Clean air, clean water, forests and fields are the right of all the inhabitants of a region.
All species plants, birds, animals and humans are essential parts of a bioregion. When we have an ecological perspective, it becomes clear that poor resource management and environmentally destructive practices are socially, economically and spiritually irresponsible. The spirit of the exploitation of nature needs to be replaced with that of maintaining and preserving, respecting and loving the earth for all time.


Bioregions can serve as a useful focus for education about the environment. Education for environmental awareness is a process to help students to deal with the interconnectedness of things from the individual to the biosphere. A bioregion is often of a size that a student can envisage and thus develop a sense of identity with the bioregion the river valley or the mountain range. From this sense of identity grows a caring attitude and a sense of responsibility for the well-being of the region.


A new vision, embracing plants and animals as well as people, is required for human societies to live in harmony with the natural world o­n which we depend for survival and well being. Such a new consciousness will stress a concern for community and satisfying human relationships. There should be an emphasis o­n the quality of face-to-face relations, based o­n mutual aid and reverence for all beings and their environment.

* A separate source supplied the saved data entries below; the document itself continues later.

Lemma block_regular_unitmx m m' (h : m' = m) (a : 'I_m -> 'I_m' -> L)
    (B : 'M[F]_(m * \dim {:L}, m' * \dim {:L})) :
  (forall v : 'I_m -> L, (forall c, \sum_x v x * a x c = 0) -> forall x, v x = 0) ->
  (forall x b c d, B (mxvec_index x b) (mxvec_index c d) = regular_mx (a x c) b d) ->
  castmx (erefl, congr1 (muln^~ \dim {:L}) h) B \in unitmx.
Proof.
subst m'; rewrite castmx_id => a_free BE; apply/unitmx_kerP => v vB0.
pose w x := \row_b v 0 (mxvec_index x b).
have w_ker c : \sum_x vecof e (w x) * a x c = 0.
  rewrite -[RHS](linear0 (vecof e)); under eq_bigr do rewrite -vecof_regular_mx.
  rewrite -linear_sum; congr (vecof e _); apply/rowP => d.
  have := congr1 (fun M : 'rV_(m * _) => M 0 (mxvec_index c d)) vB0; rewrite !mxE => <-.
  rewrite summxE (reindex (uncurry (@mxvec_index m _))) /=; last exact: curry_mxvec_bij.
  under eq_bigr do rewrite mxE.
  rewrite pair_big; apply: eq_bigr => [[x b]] _ /=.
  by rewrite mxE BE.
apply/rowP => k; case/mxvec_indexP: k => x b.
have /eqP := a_free _ w_ker x; rewrite vecof_eq0 ?vbasisP // => /eqP/rowP/(_ b).
by rewrite !mxE.
Qed.

Lemma regular_block_tn r u (a : 'I_r -> 'I_u -> L) :
  totally_nonsingular a -> block_totally_nonsingular (fun i k => regular_mx (a i k)).
Proof.
move=> /totally_nonsingularP tn S S' h.
pose a' (x : 'I_#|S|) (c : 'I_#|S'|) := a (enum_val x) (enum_val c).
apply: (@block_regular_unitmx _ _ h a') => [v v_ker|x b c d].
  apply: (tn _ enum_val (enum_val \o cast_ord (esym h))) => [||c]; last exact: v_ker.
    exact: enum_val_inj.
  exact: inj_comp enum_val_inj (@cast_ord_inj _ _ _).
by rewrite /block_sub mxE /mxvec_index !cast_ordK !enum_rankK.
Qed.

End RegularRepresentation.

Lemma card_finFieldExt (F : finFieldType) (L : fieldExtType F) :
  #|FinFieldExtType L| = (#|F| ^ \dim {:L})%N.
Proof.
have := @card_vspace _ _ _ {: finvect_type L}%VS.
by rewrite (@card_vspacef _ _ _ : #|{: finvect_type L}%VS| = _).
Qed.

(* The argument of [pPrimePowerField], with an arbitrary finite base field in place of ['F_p]. *)
Lemma finField_ext_exists (F : finFieldType) k :
  (0 < k)%N -> {L : splittingFieldType F | \dim {:L} = k}.
Proof.
move=> k_gt0; have F_gt1 : (1 < #|F|)%N := finNzRing_gt1 F.
set m := (#|F| ^ k)%N; have m_gt1 : (1 < m)%N by rewrite (ltn_exp2l 0).
have m_gt0 := ltnW m_gt1; have m1_gt0 : (0 < m.-1)%N by rewrite -ltnS prednK.
pose q (R : nzRingType) : {poly R} := 'X^m - 'X.
have qE R : q R = ('X^(m.-1) - 1) * ('X - 0) by rewrite subr0 mulrBl mul1r -exprSr prednK.
have /FinSplittingFieldFor[/= L splitLq] : q F != 0.
  by rewrite qE monic_neq0 ?rpredM ?monicXsubC ?monicXnsubC.
rewrite [map_poly _ _]rmorphB rmorphXn /= map_polyX -/(q L) in splitLq.
exists L; have [zs qL defL] := splitLq.
have [p p_pr Fp] := finPcharP F; have Lp : p \in [pchar L] by rewrite pchar_lalg.
have zs_uniq : uniq zs.
  rewrite -separable_prod_XsubC -(eqp_separable qL) qE separable_root andbC.
  rewrite /root !hornerE subr_eq0 eq_sym expr0n gtn_eqF ?oner_eq0 //=.
  rewrite cyclotomic.separable_Xn_sub_1 // -subn1 natrB // subr_eq0 natrX.
  move: (card_pprimeChar Fp) F_gt1; case: (logn _ _) => [|n] -> //= _.
  by rewrite natrX (pcharf0 Lp) expr0n /= expr0n gtn_eqF // eq_sym oner_eq0.
have /finField_galois_generator[/= a _ aE] : (1 <= {:L})%VS by apply: sub1v.
rewrite dimv1 expn1 in aE; pose Em := fixedSpace (a ^+ k)%g.
have zsE : zs =i Em.
  move=> z; rewrite -root_prod_XsubC -(eqp_root qL) (sameP fixedSpaceP eqP).
  rewrite /root !hornerE subr_eq0 /= /m; congr (_ == z).
  elim: (k) => [|i IHi]; first by rewrite gal_id.
  by rewrite expgSr expnSr exprM IHi galM ?aE ?memvf.
have Lzs : (FinFieldExtType L) =i zs.
  suff fullE : Em = {:L}%VS by move=> z; rewrite zsE fullE memvf.
  apply/eqP; rewrite eqEsubv subvf -defL -[Em]subfield_closed agenvS //.
  by rewrite subv_add sub1v; apply/span_subvP => z; rewrite zsE.
apply: (expnI F_gt1); rewrite -card_finFieldExt (eq_card Lzs) (card_uniqP _) //.
apply: succn_inj; rewrite -(size_prod_XsubC _ id) -(eqp_size qL).
by rewrite size_polyDl size_polyXn // size_polyN size_polyX.
Qed.

Lemma exists_tn_array (K : finFieldType) r u : (0 < r)%N -> (0 < u)%N ->
  (if odd #|K| || (r \notin [:: 3; #|K| - 1]) then r + u - 1 <= #|K|
   else r + u - 2 <= #|K|)%N ->
  exists a : 'I_r -> 'I_u -> K, totally_nonsingular a.
Proof.
move=> r_gt0 u_gt0; case: ifP => [_ le_ru | /norP[/finField_pchar2 K2]].
  by apply: exists_cauchy_tn => //; lia.
rewrite negbK !inE => /orP[/eqP r3 | /eqP rK] le_ru; subst r.
  by apply: exists_pchar2_tn => //; lia.
have K_gt1 := finNzRing_gt1 K.
have u_le3 : (u <= 3)%N by lia.
have [a a_tn] := @exists_pchar2_tn K (#|K| - 1) K2 ltac:(lia).
exists (fun i k => a (widen_ord u_le3 k) i).
apply: (totally_nonsingular_comp (h1 := id) _ _ (totally_nonsingular_tr a_tn)) => //.
by move=> k k' /(congr1 val) /= /ord_inj.
Qed.

Local Close Scope ring_scope.

Theorem mainTheorem14 (F : finFieldType) (s d t j : nat) :
  0 < s -> 0 < d -> 0 < t -> d * t < s -> 0 < j ->
  (if odd (#|F| ^ j) || (s - d * t \notin [:: 3; #|F| ^ j - 1])
   then s - 1 <= #|F| ^ j
   else s - 2 <= #|F| ^ j) ->
  exists A : block_array F (s - d * t) (d * t) j,
    blocks_in_GL A /\ block_totally_nonsingular A.
Proof.
move=> s_gt0 d_gt0 t_gt0 dt_lt_s j_gt0 le_s.
have [L dimL] := finField_ext_exists F j_gt0.
have [a a_tn] : exists a : 'I_(s - d * t) -> 'I_(d * t) -> FinFieldExtType L,
    totally_nonsingular a.
  apply: exists_tn_array; rewrite ?subn_gt0 ?muln_gt0 ?d_gt0 //.
  by rewrite subnK ?card_finFieldExt ?dimL // ltnW.
subst j; exists (fun i k => regular_mx (a i k)); split; last exact: regular_block_tn.
by move=> i k; apply/regular_mx_unit/(totally_nonsingular_neq0 _ _ a_tn).
Qed.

One of the conditions of our efforts for a harmonious planet is that we must see the earth as a whole while at the same time we must also care about geographic units small enough so as to be able to carry out effective action to preserve and restore. Bioregions are geographic areas defined by natural boundaries such as rivers or mountain ranges. Bioregional boundaries, being created by nature, often cross the arbitrary political lines drawn by humans in their creation of cities, provinces and states.


Yet a region is also created by a shared desire for common action a region of the will. Thus bioregions are also linked to human will, linked to a desire of a people to live together.


Bioregions are often trans-national, cutting across the frontiers of existing states. Today, the existence of trans-frontier zones does not require the re-drawing of national frontiers. Rather, the recognition of such zones should call forth political imagination to find mutually advantageous forms of cooperation in production, trade, energy, water and protection of the environment.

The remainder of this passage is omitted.